As I closed the door behind me, all I could think about was crawling into my warm, snuggly bed. Then I remembered that I was going to have to share my bed and choked back a yelp of dismay.
Chapter Eight
If you’ve never had to share a bed with Susannah, count yourself lucky. I hate to say this about my own sister, but unfortunately each year fewer and fewer people can count themselves lucky. Of course I don’t share Susannah’s bed in the same way these people do, but, still, I feel a weird sort of bond with them.
If you survive the night with Susannah, chances are that you will emerge with enough bumps and bruises to draw looks of sympathy from total strangers, and undoubtedly will be a good deal deafer to boot. Susannah thrashes and snores like nobody’s business. When Mama and Papa were alive, we had a sow named Susannah, and its name was no coincidence. It is a pure wonder that Susannah’s precious little Shnookums sleeps with her every night and still survives. But perhaps this explains why the mutt is so high-strung he can catch kites on a windless day.
“Susannah,” I warned her that night for the millionth time, “unless you want to sleep on the floor, stay on
your side of the bed. And for pity’s sake, sleep on your left side. Otherwise you sound like a pond full of bullfrogs.”
Despite her claim to tiredness, Susannah had been awake and watching “Murder, She Wrote” on her portable TV. “Dishes done?” she’d asked callously when I entered the room. I said nothing and let her finish the program while I undressed. Just having the TV on, especially on a Sunday night, made me feel guilty.
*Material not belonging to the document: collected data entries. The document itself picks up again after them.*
(* Consider a slotted system with diversity. There are $N$ users, $N_{sub}\ge2$ sub-carriers and slots $1,\dots,T$. In each slot the BS chooses one user via a user scheduling algorithm $\pi_u$ and one sub-carrier via a sub-carrier choosing algorithm $\pi_s$; these may be randomized and may depend on past adversarial actions. It then sends an update to the chosen user on the chosen sub-carrier. The adversary uses a blocking matrix $\sigma\in\{0,1\}^{N_{sub}\times T}$, where $\sigma_j(t)=0$ means sub-carrier $j$ is blocked in slot $t$. Feasibility means $\sum_{j,t}(1-\sigma_j(t))\le\alpha T$ and at most one sub-carrier is blocked per slot, where $0<\alpha<1$. Ages satisfy $a_i(1)=1$, $a_i(t+1)=1$ if user $i$ is chosen in slot $t$ on an unblocked sub-carrier, and $a_i(t+1)=a_i(t)+1$ otherwise. Let $\Delta^{\pi_u,\pi_s,\sigma}=\frac1T\sum_{t=1}^T\frac1N\sum_i\mathbb E[a_i(t)]$ and $\Delta^*(T)=\sup_\sigma\inf_{\pi_u,\pi_s}\Delta^{\pi_u,\pi_s,\sigma}$. Then $\liminf_{T\to\infty}\Delta^*(T)\ge\frac{N+1}{2}$. *)

From HB Require Import structures.
From mathcomp Require Import all_boot all_order all_algebra.
From mathcomp Require Import all_classical all_reals.
From mathcomp Require Import ereal sequences.
Set Implicit Arguments. Unset Strict Implicit. Unset Printing Implicit Defensive.
Import Order.TTheory GRing.Theory Num.Theory.
Local Open Scope ring_scope.

(* Slots are numbered 1..T (natural numbers).
   A blocking pattern: sigma t j = false  <->  sub-carrier j blocked in slot t
   (i.e. sigma_j(t) = 0). Only the values at slots 1..T matter. *)
Definition blocking (Nsub : nat) := nat -> 'I_Nsub -> bool.

Definition feasible (R : realType) (Nsub T : nat) (alpha : R) (sigma : blocking Nsub) : Prop :=
  (((\sum_(1 <= t < T.+1) #|[set j : 'I_Nsub | ~~ sigma t j]|)%N)%:R <= alpha * T%:R)
  /\ (forall t, (1 <= t <= T)%N -> (#|[set j : 'I_Nsub | ~~ sigma t j]| <= 1)%N).

(* A deterministic joint policy (pi_u, pi_s): in slot t it chooses a user and a
   sub-carrier as a function of the adversarial actions. *)
Definition det_policy (N Nsub : nat) := nat -> blocking Nsub -> 'I_N * 'I_Nsub.

Definition causal (N Nsub : nat) (f : det_policy N Nsub) : Prop :=
  forall t (s1 s2 : blocking Nsub),
    (forall s j, (s < t)%N -> s1 s j = s2 s j) -> f t s1 = f t s2.

(* age f sigma i n = a_i(n+1):  a_i(1) = 1,
   a_i(t+1) = 1 if user i is chosen in slot t on an unblocked sub-carrier,
   a_i(t+1) = a_i(t) + 1 otherwise. *)
Fixpoint age (N Nsub : nat) (f : det_policy N Nsub) (sigma : blocking Nsub)
    (i : 'I_N) (n : nat) : nat :=
  match n with
  | 0 => 1
  | n'.+1 =>
      let c := f n'.+1 sigma in
      if (c.1 == i) && sigma n'.+1 c.2 then 1 else (age f sigma i n').+1
  end.

Definition avg_age (R : realType) (N Nsub T : nat) (f : det_policy N Nsub)
    (sigma : blocking Nsub) : R :=
  T%:R^-1 * \sum_(1 <= t < T.+1) (N%:R^-1 * \sum_(i < N) ((age f sigma i t.-1)%:R : R)).

(* Expected average age values achievable by (possibly randomized) causal
   policies against sigma: a randomized policy is a probability distribution
   (finite randomness Omega, weights p) over causal deterministic policies;
   the expectation is taken over that randomness. *)
Definition achievable (R : realType) (N Nsub T : nat) (sigma : blocking Nsub) : set R :=
  [set v | exists (Omega : finType) (p : Omega -> R) (pol : Omega -> det_policy N Nsub),
      (forall w, 0 <= p w) /\ \sum_(w : Omega) p w = 1 /\
      (forall w, causal (pol w)) /\
      v = \sum_(w : Omega) p w * @avg_age R N Nsub T (pol w) sigma].

Definition Delta_star (R : realType) (N Nsub : nat) (alpha : R) (T : nat) : \bar R :=
  ereal_sup [set ereal_inf [set (v%:E) | v in @achievable R N Nsub T sigma]
            | sigma in [set sigma : blocking Nsub | feasible T alpha sigma]].

From HB Require Import structures.
From mathcomp Require Import all_boot all_order all_algebra.
From mathcomp Require Import all_classical all_reals.
From mathcomp Require Import ereal sequences topology normedtype.
From mathcomp Require Import zify ring.
Set Implicit Arguments. Unset Strict Implicit. Unset Printing Implicit Defensive.
Import Order.TTheory GRing.Theory Num.Theory numFieldNormedType.Exports.

(* Lower bound by the adversary that never blocks.  At time n, a user of age
   at most k <= n was served in one of the last k slots, and one user is served
   per slot, so at most k users have age <= k.  Hence once n >= N - 1 the N ages
   dominate 1, 2, ..., N and sum to at least N (N + 1) / 2, whatever the
   (randomized) policy; averaging over T slots loses only O(N^2 / T). *)

Lemma sum_ord_ltn (M a : nat) : \sum_(k < M) (k < a) = minn M a.
Proof.
elim: M => [|M IH]; first by rewrite big_ord0 min0n.
by rewrite big_ord_recr /= IH; lia.
Qed.

Lemma sum_ord_subn (M : nat) : 2 * \sum_(k < M) (M - k) = M * M.+1.
Proof.
elim: M => [|M IH]; first by rewrite big_ord0.
rewrite big_ord_recl subn0.
under eq_bigr do rewrite lift0 subSS.
by rewrite mulnDr IH; lia.
Qed.

Lemma sum_nat_pred_card (T : finType) (P : pred T) : \sum_x P x = #|[set x | P x]|.
Proof. by rewrite -sum1_card [RHS]big_mkcond; apply: eq_bigr => x _; rewrite inE; case: (P x). Qed.

Lemma sum_ge_triangular (n : nat) (a : 'I_n -> nat) :
  (forall k, k < n -> #|[set i | a i <= k]| <= k) ->
  n * n.+1 <= 2 * \sum_i a i.
Proof.
move=> card_le; rewrite -sum_ord_subn leq_mul2l /=.
have card_gt k : \sum_i (k < a i) = n - #|[set i | a i <= k]|.
  rewrite sum_nat_pred_card.
  have -> : [set i | k < a i] = ~: [set i | a i <= k].
    by apply/setP => i; rewrite !inE -ltnNge.
  by have := cardsC [set i | a i <= k]; rewrite card_ord; lia.
apply: (@leq_trans (\sum_(k < n) \sum_i (k < a i))).
  by apply: leq_sum => k _; rewrite card_gt leq_sub2l ?card_le.
rewrite exchange_big /=; apply: leq_sum => i _.
by rewrite sum_ord_ltn geq_minr.
Qed.

Section Ages.
Variables (N Nsub : nat) (f : det_policy N Nsub) (sigma : blocking Nsub).

Lemma card_age_le n k : k <= n -> #|[set i | age f sigma i n <= k]| <= k.
Proof.
elim: n k => [|n IH] [|k] //= le_kn; rewrite ?leqn0 ?cards_eq0.
- by apply/eqP/setP => i; rewrite !inE.
- by apply/eqP/setP => i; rewrite !inE; case: ifP.
have sub : [set i | age f sigma i n.+1 <= k.+1] \subset
           (f n.+1 sigma).1 |: [set i | age f sigma i n <= k].
  apply/fintype.subsetP => i; rewrite !inE /=.
  by case: ifP => [/andP[/eqP -> _]|_]; rewrite ?eqxx // ltnS => ->; rewrite orbT.
apply: leq_trans (subset_leq_card sub) _.
by apply: leq_trans (leq_card_setU _ _) _; rewrite cards1 ltnS IH.
Qed.

Lemma sum_age_ge n : N <= n.+1 -> N * N.+1 <= 2 * \sum_i age f sigma i n.
Proof. by move=> le_Nn; apply: sum_ge_triangular => k lt_kN; apply: card_age_le; lia. Qed.

Lemma sum_sum_age_ge T :
  (T.+1 - N) * (N * N.+1) <= 2 * \sum_(1 <= t < T.+1) \sum_i age f sigma i t.-1.
Proof.
elim: T => [|T IH]; first by rewrite big_geq // muln0 leqn0 !muln_eq0; lia.
rewrite big_nat_recr //= mulnDr.
have [le_NT|lt_TN] := leqP N T.+1; last by have -> : T.+2 - N = 0 by lia.
by rewrite subSn // mulSn addnC leq_add ?sum_age_ge.
Qed.

End Ages.

Local Open Scope ring_scope.

Lemma avg_age_ge (R : realType) (N Nsub T : nat) (f : det_policy N Nsub) (sigma : blocking Nsub) :
  (0 < N)%N -> (0 < T)%N ->
  (N.+1)%:R / 2 * (1 - (N.-1)%:R / T%:R) <= avg_age R T f sigma.
Proof.
move=> N_gt0 T_gt0.
have := sum_sum_age_ge f sigma T; set S := (\sum_(1 <= t < T.+1) _)%N => S_ge.
have -> : avg_age R T f sigma = S%:R / (T%:R * N%:R) :> R.
  rewrite /avg_age -mulr_sumr /S natr_sum.
  under [in RHS]eq_bigr do rewrite natr_sum.
  by rewrite invfM mulrA mulrC.
have -> : (N.+1)%:R / 2 * (1 - (N.-1)%:R / T%:R) =
    (T%:R - N.-1%:R) * (N%:R * N.+1%:R) / 2 / (T%:R * N%:R) :> R.
  by field; rewrite !pnatr_eq0 -!lt0n N_gt0 T_gt0.
rewrite ler_pM2r ?invr_gt0 ?mulr_gt0 ?ltr0n // ler_pdivrMr //.
apply: le_trans (_ : (T.+1 - N)%:R * (N%:R * N.+1%:R) <= _).
  by rewrite ler_wpM2r ?mulr_ge0 // lerBlDr -natrD ler_nat; lia.
by rewrite -!natrM ler_nat [(S * 2)%N]mulnC.
Qed.

Definition unblocked (Nsub : nat) : blocking Nsub := fun _ _ => true.
Arguments unblocked : clear implicits.

Lemma feasible_unblocked (R : realType) (Nsub T : nat) (alpha : R) :
  0 <= alpha -> feasible T alpha (unblocked Nsub).
Proof.
have no_block t : [set j : 'I_Nsub | ~~ unblocked Nsub t j] = finset.set0.
  by apply/setP => j; rewrite !inE.
move=> alpha_ge0; split => [|t _]; rewrite ?no_block ?cards0 //.
by rewrite big1 => [|t _]; rewrite ?no_block ?cards0 ?mulr_ge0.
Qed.

Lemma achievable_ge (R : realType) (N Nsub T : nat) (sigma : blocking Nsub) (b v : R) :
  (forall f : det_policy N Nsub, b <= avg_age R T f sigma) ->
  achievable N T sigma v -> b <= v.
Proof.
move=> avg_ge [Omega [p [pol [p_ge0 [p_sum1 [_ ->]]]]]].
rewrite -[b]mul1r -p_sum1 mulr_suml.
by apply: ler_sum => w _; rewrite ler_wpM2l.
Qed.

Lemma Delta_star_ge (R : realType) (N Nsub T : nat) (alpha b : R) :
  0 <= alpha -> (forall f : det_policy N Nsub, b <= avg_age R T f (unblocked Nsub)) ->
  (b%:E <= Delta_star N Nsub alpha T)%E.
Proof.
move=> alpha_ge0 avg_ge.
apply: le_trans (ereal_sup_ubound _); last first.
  by exists (unblocked Nsub); first exact: feasible_unblocked.
apply: le_ereal_inf_tmp => _ [v achv <-].
by rewrite lee_fin; apply: achievable_ge achv.
Qed.

Local Open Scope classical_set_scope.

Lemma limn_einf_le (R : realType) (u v : (\bar R)^nat) :
  (\forall n \near \oo, (u n <= v n)%E) -> (limn_einf u <= limn_einf v)%E.
Proof.
move=> [M _ le_uv]; rewrite !limn_einf_lim.
apply: lee_lim; [exact: is_cvg_einfs | exact: is_cvg_einfs |].
exists M => // n /= le_Mn.
apply: le_ereal_inf_tmp => _ [k /= le_nk <-].
apply: le_trans (le_uv k _); last exact: leq_trans le_nk.
by apply: ereal_inf_lbound; exists k.
Qed.

Lemma cvg_mul_one_sub_div_natr (R : realType) (c d : R) :
  c * (1 - d / n%:R) @[n --> \oo] --> c.
Proof.
rewrite -[X in _ --> X]mulr1; apply: cvgMr.
rewrite -[X in _ --> X]subr0; apply: cvgB; first exact: cvg_cst.
rewrite -(mulr0 d); apply: cvgMr.
apply/gtr0_cvgV0; last exact: cvgr_idn.
by near=> n; rewrite ltr0n; near: n; exists 1%N.
Unshelve. all: by end_near.
Qed.

Theorem theorem10 (R : realType) (N Nsub : nat) (alpha : R) :
  (0 < N)%N -> (2 <= Nsub)%N -> 0 < alpha < 1 ->
  (((N.+1)%:R / 2 : R)%:E <= limn_einf (fun T : nat => Delta_star N Nsub alpha T))%E.
Proof.
move=> N_gt0 _ /andP[alpha_gt0 _].
pose b T : R := (N.+1)%:R / 2 * (1 - (N.-1)%:R / T%:R).
have b_cvg : (fun T => (b T)%:E) @ \oo --> ((N.+1)%:R / 2)%:E.
  by apply: cvg_EFin; [exact: nearW | exact: cvg_mul_one_sub_div_natr].
rewrite -(cvg_limn_einf_sup b_cvg).1; apply: limn_einf_le.
exists 1%N => // T T_gt0; apply: Delta_star_ge (ltW alpha_gt0) _ => f.
exact: avg_age_ge.
Qed.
"Well, if we’re not going to be chatty, all right if I stay up and watch the movie? It’s about this woman who finds out her husband’s having an affair, and she decides to get even by having an affair of her own, except that the man she chooses is the husband of the woman her husband is having an affair with. So, at one point they figure it out and—”
That’s when I made her turn off the TV and scoot over. “Susannah dear,” I said, trying to imitate Mama’s voice, “let’s say our prayers now and get ready for the sandman.”
“Is he cute?”
I simply refused to answer. Cute is not what Susannah is after. John Stutzman, who goes to our church, is cute, and he’s all eyes for Susannah, but she pays him no mind. Not that Susannah goes to our church anymore anyway. My point is that Susannah is turning her back on our people and our traditions to such an extent that, as awful as it is to say so, I am glad Mama and Papa are not here to see it. That old adage about the apple not falling far from the tree is plain baloney. Susannah’s apple rolled out of the orchard and into the world the year Mama and Papa died.
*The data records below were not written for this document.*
Lemma nbP g : eG g (nb g).
Proof. by rewrite /nb; case: pickP => [//|none]; have [y] := iG g; rewrite none. Qed.

Definition X T := S' :|: T :|: S''.

Lemma S_sub_X T : S \subset X T.
Proof. by rewrite S_split /X setUAC subsetUl. Qed.

Lemma S''_sub_X T : S'' \subset X T.
Proof. exact: subsetUr. Qed.

Lemma X_tds T : S' \subset NS eG T -> is_tds eG (X T).
Proof.
move=> T_dom; apply/is_tdsP => w.
case: (near_S w) => [|[s sS esw]]; last by exists s; rewrite // (subsetP (S_sub_X T)).
rewrite S_split => /setUP [wS'|wS''].
  have /NSP [v vT evw] := subsetP T_dom w wS'.
  by exists v; rewrite // /X !inE vT orbT.
have [h [wh _]] := S''P w wS''.
have [g gh egw] := S''_dominated wS'' wh.
by exists g; rewrite // (subsetP (S_sub_X T)) //; apply/SP; exists h.
Qed.

Lemma X_tight T : S' \subset NS eG T -> #|T| <= #|S'| ->
  [/\ #|X T| = #|D|, #|T| = #|S'|, [disjoint S' & T],
       [disjoint S' :|: T & S''] & #|D| = 2 * #|S'| + #|S''|].
Proof.
move=> T_dom T_small; have := gamma_t_le (X_tds T_dom); rewrite -card_D /X => le_DX.
have [le_X disj_X] := leq_card_setU (S' :|: T) S''.
have [le_S'T disj_S'T] := leq_card_setU S' T.
have := card_D_ge; split; lia.
Qed.

Lemma image_dom F : {in S', forall s, eG s (F s)} -> S' \subset NS eG (F @: S').
Proof.
move=> eF; apply/subsetP => s sS; apply/NSP; exists (F s); first exact: imset_f.
by rewrite eG_sym eF.
Qed.

Lemma nb_dom : {in S', forall s, eG s (nb s)}.
Proof. by move=> s _; exact: nbP. Qed.

(* (C), (D) and (I) apply X_tight to F @: S' for a choice F of neighbours of S' in
   which one choice has been redirected to a prescribed neighbour. *)
Definition redirect x y (F : VG -> VG) s := if s == x then y else F s.

Lemma redirect_dom x y F : eG x y ->
  {in S', forall s, eG s (F s)} -> {in S', forall s, eG s (redirect x y F s)}.
Proof. by move=> exy eF s sS; rewrite /redirect; case: eqP => [->|_]; last exact: eF. Qed.

Lemma redirect_image x y F : x \in S' -> y \in redirect x y F @: S'.
Proof. by move=> xS; apply/imsetP; exists x; rewrite // /redirect eqxx. Qed.

Lemma no_edge_S'S'' x y : x \in S' -> y \in S'' -> ~~ eG x y.
Proof.
move=> xS yS; apply/negP => exy.
have [_ _ _ disj _] := X_tight (image_dom (redirect_dom exy nb_dom)) (leq_imset_card _ _).
by move: (disjointFl disj yS); rewrite inE redirect_image ?orbT.
Qed.

Lemma S'_independent x y : x \in S' -> y \in S' -> ~~ eG x y.
Proof.
move=> xS yS; apply/negP => exy.
have [_ _ disj _ _] := X_tight (image_dom (redirect_dom exy nb_dom)) (leq_imset_card _ _).
by move: (disjointFr disj yS); rewrite redirect_image.
Qed.
Lemma Acl_detectable : detectable (Acl A B C K) W.
Proof.
rewrite /Acl /Theta -addrA.
apply: (detectable_nilpotent_add (k := L * m + L * r)).
  exact/strictly_upper_nilpotent/strictly_upper_block_diag/strictly_upper_Sk/strictly_upper_Sk.
move=> x /eqP; rewrite qf_stage_weight paddr_eq0 ?pd_qf_ge0 //.
move=> /andP[/eqP /(pd_qf_eq0 Q_pd) Yx /eqP /(pd_qf_eq0 Rw_pd) Kx].
by rewrite mulmxDl -(mulmxA (Emx _ _ _ _)) -mulmxA Yx -mulmxA Kx !mulmx0 addr0.
Qed.

End IOHClosedLoop.

Lemma Acl_ioh_invariant (R : realType) n m r L (A : 'M[R]_n) (B : 'M[R]_(n, m))
    (C : 'M[R]_(r, n)) (K : 'M[R]_(m, L * m + L * r)) (P : 'M[R]_(L * m + L * r, L * m + n)) :
  same_image P (ctrb_ioh L A B C) -> P^T *m P = 1%:M ->
  Acl A B C K *m P = P *m (P^T *m Acl A B C K *m P).
Proof.
move=> /(ctrb_feedback_invariant K) [D AclP] P_orth.
by rewrite /Acl -mulmxA AclP (mulmxA P^T) P_orth mul1mx.
Qed.

Theorem lemma6 (R : realType) (n m r L : nat)
  (A : 'M[R]_n) (B : 'M[R]_(n, m)) (C : 'M[R]_(r, n))
  (hmin : minimal A B C) (hA : schur A)
  (hL : \rank (OL L A C) = n)
  (P : 'M[R]_(L * m + L * r, L * m + n))
  (hPim : same_image P (ctrb_ioh L A B C))
  (hPorth : P^T *m P = 1%:M)
  (Phi : 'M[R]_(L * m + L * r)) (hPhi : psd Phi)
  (hPhiim : same_image Phi (ctrb_ioh L A B C))
  (Q : 'M[R]_r) (Rw : 'M[R]_m) (hQ : pd Q) (hR : pd Rw)
  (d : measure_display) (T : measurableType d) (Pr : probability T R)
  (v0 : T -> 'cV[R]_(L * m + L * r))
  (hv0 : gaussian_second_moment Pr v0 Phi)
  (K : 'M[R]_(m, L * m + L * r)) :
  schur (P^T *m (Theta L A B C + Pimx R m r L *m K) *m P) <->
  (Jcost Pr v0 A B C Q Rw K < +oo)%E.
Proof.
(* Only the second moments of v(L) matter. *)
have [_ _ v0_moment] := hv0.
have [Phi_sym Phi_ge0] := hPhi.
have [PX XP] := andP hPim; have [PhiX XPhi] := andP hPhiim.
have AclP := Acl_ioh_invariant K hPim hPorth.
have W_sym := stage_weight_sym A B C K hQ hR.
have W_ge0 := stage_weight_ge0 A B C K hQ hR.
rewrite (Jcost_expected_stage_cost A B C K hQ hR v0_moment); split.
  exact: (expected_cost_finite_of_schur hPorth AclP W_ge0 Phi_sym v0_moment
    (submx_trans PhiX XP)).
exact: (schur_of_expected_cost_finite hPorth AclP W_sym W_ge0 Phi_sym v0_moment Phi_ge0
  (submx_trans PX XPhi) (Acl_detectable hQ hR)).
Qed.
I eventually quit fuming about Susannah and fell asleep. Both she and Shnookums beat me to it, however, and when I did drift off, it was to the alternating rhythm of Susannah’s deep throaty snores and Shnookums’s pitiful pips. At some point I dreamed that I was stranded in a rowboat without oars in the world’s largest frog pond. Maybe it was even an ocean, except that it was shallow enough for cattails and fresh enough for millions of croaking, squeaking, and bellowing frogs. Then, suddenly, all the frogs but one fell silent, and the one, in a startlingly human voice, began to scream for help.
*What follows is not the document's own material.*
(* Let $*\in\{\pm,\curlyvee,\Join,1\}$. For every $\phi\in\mathcal{L}$ and every state $\mathfrak{s}$ of the canonical model $\mathfrak{M}^{C}_*$: (1) $\mathfrak{M}^{C}_*,\mathfrak{s}\Vdash^+\phi$ iff $\phi\in\mathbf{h}(\mathfrak{s})$; (2) $\mathfrak{M}^{C}_*,\mathfrak{s}\Vdash^-\phi$ iff ${\sim}\phi\in\mathbf{h}(\mathfrak{s})$.
   Context: Fix a countable set $\mathsf{Prop}$ of propositional variables. The language $\mathcal{L}$ is given by the grammar $\phi::=p\mid{\sim}\phi\mid(\phi\wedge\phi)\mid(\phi\vee\phi)\mid(\phi\to\phi)\mid\Box\phi\mid\Diamond\phi$ with $p\in\mathsf{Prop}$. $\phi\leftrightarrow\chi$ abbreviates $(\phi\to\chi)\wedge(\chi\to\phi)$. Semantics. A structure $\langle W,\le,R^+_\Box,R^-_\Box,R^+_\Diamond,R^-_\Diamond,v^+,v^-\rangle$ with $W\ne\varnothing$, $\le$ a preorder, four arbitrary binary relations, and $v^+,v^-:\mathsf{Prop}\to2^W$ upward closed under $\le$ is a $\mathsf{CN4K}$ model; $R(w)=\{w'\mid wRw'\}$. Support: $w\Vdash^\pm p$ iff $w\in v^\pm(p)$; $w\Vdash^+{\sim}\phi$ iff $w\Vdash^-\phi$; $w\Vdash^-{\sim}\phi$ iff $w\Vdash^+\phi$; $w\Vdash^+\phi\wedge\chi$ iff both; $w\Vdash^-\phi\wedge\chi$ iff $w\Vdash^-\phi$ or $w\Vdash^-\chi$; $w\Vdash^+\phi\vee\chi$ iff $w\Vdash^+\phi$ or $w\Vdash^+\chi$; $w\Vdash^-\phi\vee\chi$ iff both negatively supported; $w\Vdash^+\phi\to\chi$ iff for all $w'\ge w$, $w'\Vdash^+\phi$ implies $w'\Vdash^+\chi$; $w\Vdash^-\phi\to\chi$ iff $w\Vdash^+\phi$ and $w\Vdash^-\chi$; $w\Vdash^+\Box\phi$ iff $\forall w'\ge w\ \forall w''\in R^+_\Box(w')$: $w''\Vdash^+\phi$; $w\Vdash^-\Box\phi$ iff $\forall w'\ge w\ \exists w''\in R^-_\Box(w')$: $w''\Vdash^-\phi$; $w\Vdash^+\Diamond\phi$ iff $\forall w'\ge w\ \exists w''\in R^+_\Diamond(w')$: $w''\Vdash^+\phi$; $w\Vdash^-\Diamond\phi$ iff $\forall w'\ge w\ \forall w''\in R^-_\Diamond(w')$: $w''\Vdash^-\phi$. Calculi. $\mathcal{H}\mathsf{N4}$ has as axioms all $\mathcal{L}$-instances of: $\phi\to(\chi\to\phi)$; $(\phi\to(\chi\to\psi))\to((\phi\to\chi)\to(\phi\to\psi))$; $\phi\wedge\chi\to\phi$; $\phi\wedge\chi\to\chi$; $\phi\to(\chi\to\phi\wedge\chi)$; $\phi\to\phi\vee\chi$; $\chi\to\phi\vee\chi$; $(\phi\to\psi)\to((\chi\to\psi)\to(\phi\vee\chi\to\psi))$; ${\sim}{\sim}\phi\leftrightarrow\phi$; ${\sim}(\phi\wedge\chi)\leftrightarrow({\sim}\phi\vee{\sim}\chi)$; ${\sim}(\phi\vee\chi)\leftrightarrow({\sim}\phi\wedge{\sim}\chi)$; ${\sim}(\phi\to\chi)\leftrightarrow(\phi\wedge{\sim}\chi)$; and modus ponens. $\mathcal{H}\mathsf{CN4K}$ adds the axiom schemes $\Box(\phi\to\phi)$; ${\sim}\Diamond{\sim}(\phi\to\phi)$; $(\Box\phi\wedge\Box\chi)\to\Box(\phi\wedge\chi)$; $({\sim}\Diamond\phi\wedge{\sim}\Diamond\chi)\to{\sim}\Diamond(\phi\vee\chi)$, and the rules: from $\vdash\phi\to\chi$ infer $\vdash\Box\phi\to\Box\chi$; from $\vdash\phi\to\chi$ infer $\vdash\Diamond\phi\to\Diamond\chi$; from $\vdash{\sim}\phi\to{\sim}\chi$ infer $\vdash{\sim}\Box\phi\to{\sim}\Box\chi$; from $\vdash{\sim}\phi\to{\sim}\chi$ infer $\vdash{\sim}\Diamond\phi\to{\sim}\Diamond\chi$. Additional schemes: $\pm_\Box$: $\Box(\phi\to\chi)\to(\Diamond\phi\to\Diamond\chi)$; $\pm_\Diamond$: ${\sim}\Diamond{\sim}({\sim}\phi\to{\sim}\chi)\to({\sim}\Box\phi\to{\sim}\Box\chi)$; $\curlyvee_\Box$: $\Box(\phi\to\chi)\to({\sim}\Box{\sim}\phi\to{\sim}\Box{\sim}\chi)$; $\curlyvee_\Diamond$: ${\sim}\Diamond{\sim}(\phi\to\chi)\to(\Diamond\phi\to\Diamond\chi)$; $\Join_\Box$: $\Box\phi\leftrightarrow{\sim}\Diamond{\sim}\phi$; $\Join_\Diamond$: $\Diamond\phi\leftrightarrow{\sim}\Box{\sim}\phi$. $\mathcal{H}\mathsf{CN4K}^\pm$, $\mathcal{H}\mathsf{CN4K}^\curlyvee$, $\mathcal{H}\mathsf{CN4K}^{\Join}$ are $\mathcal{H}\mathsf{CN4K}$ plus $\{\pm_\Box,\pm_\Diamond\}$, $\{\curlyvee_\Box,\curlyvee_\Diamond\}$, $\{\Join_\Box,\Join_\Diamond\}$ respectively; $\mathcal{H}\mathsf{CN4K}^1$ is $\mathcal{H}\mathsf{CN4K}$ plus all six. $\Gamma\vdash_{\mathcal{H}\mathsf{L}}\phi$ means there is a finite sequence ending in $\phi$ of axiom instances, members of $\Gamma$, and rule consequences of earlier members, the modal rules being applied only to theorems. Canonical models. For fixed $*$, a set $\Xi\subseteq\mathcal{L}$ is saturated if it is deductively closed under $\vdash_{\mathcal{H}\mathsf{CN4K}^*}$ and prime ($\xi\vee\xi'\in\Xi$ implies $\xi\in\Xi$ or $\xi'\in\Xi$). A segment is a tuple $\mathfrak{s}=\langle\Xi,\Phi^+_\Box,\Phi^-_\Box,\Phi^+_\Diamond,\Phi^-_\Diamond\rangle$ where $\Xi$ is saturated (the head, $\mathbf{h}(\mathfrak{s})=\Xi$) and each $\Phi^\bullet_\heartsuit$ is a set (possibly empty) of saturated sets such that: if $\Box\phi\in\Xi$ then $\phi\in\Delta$ for every $\Delta\in\Phi^+_\Box$; if ${\sim}\Box\phi\in\Xi$ then ${\sim}\phi\in\Delta$ for some $\Delta\in\Phi^-_\Box$; if $\Diamond\phi\in\Xi$ then $\phi\in\Delta$ for some $\Delta\in\Phi^+_\Diamond$; if ${\sim}\Diamond\phi\in\Xi$ then ${\sim}\phi\in\Delta$ for every $\Delta\in\Phi^-_\Diamond$. A segment is a $\pm$-segment if $\Phi^+_\Box=\Phi^+_\Diamond$ and $\Phi^-_\Box=\Phi^-_\Diamond$; a $\curlyvee$-segment if $\Phi^+_\Box=\Phi^-_\Box$ and $\Phi^+_\Diamond=\Phi^-_\Diamond$; a $\Join$-segment if $\Phi^+_\Box=\Phi^-_\Diamond$ and $\Phi^+_\Diamond=\Phi^-_\Box$; a $1$-segment if all four families coincide. $\mathfrak{M}^{C}_*$ has as states all $*$-segments, $\mathfrak{s}\le^{C}\mathfrak{s}'$ iff $\mathbf{h}(\mathfrak{s})\subseteq\mathbf{h}(\mathfrak{s}')$, $\mathfrak{s}\,{R^\bullet_\heartsuit}^{C}\,\mathfrak{s}'$ iff $\mathbf{h}(\mathfrak{s}')\in\Phi^\bullet_\heartsuit$ (the corresponding component of $\mathfrak{s}$), $\mathfrak{s}\in{v^+}^{C}(p)$ iff $p\in\mathbf{h}(\mathfrak{s})$, $\mathfrak{s}\in{v^-}^{C}(p)$ iff ${\sim}p\in\mathbf{h}(\mathfrak{s})$. *)

Set Implicit Arguments.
I woke up and turned on the bedside lamp. Not surprisingly, Susannah and Shnookums were still sound asleep. Of course, it wasn’t their dream, but not that it made any difference. It is those with the most on their consciences who sleep the soundest, or haven’t you noticed? Anyway, I was just about to turn off the light and try to go back to sleep when I heard the scream again. This time I was definitely not dreaming.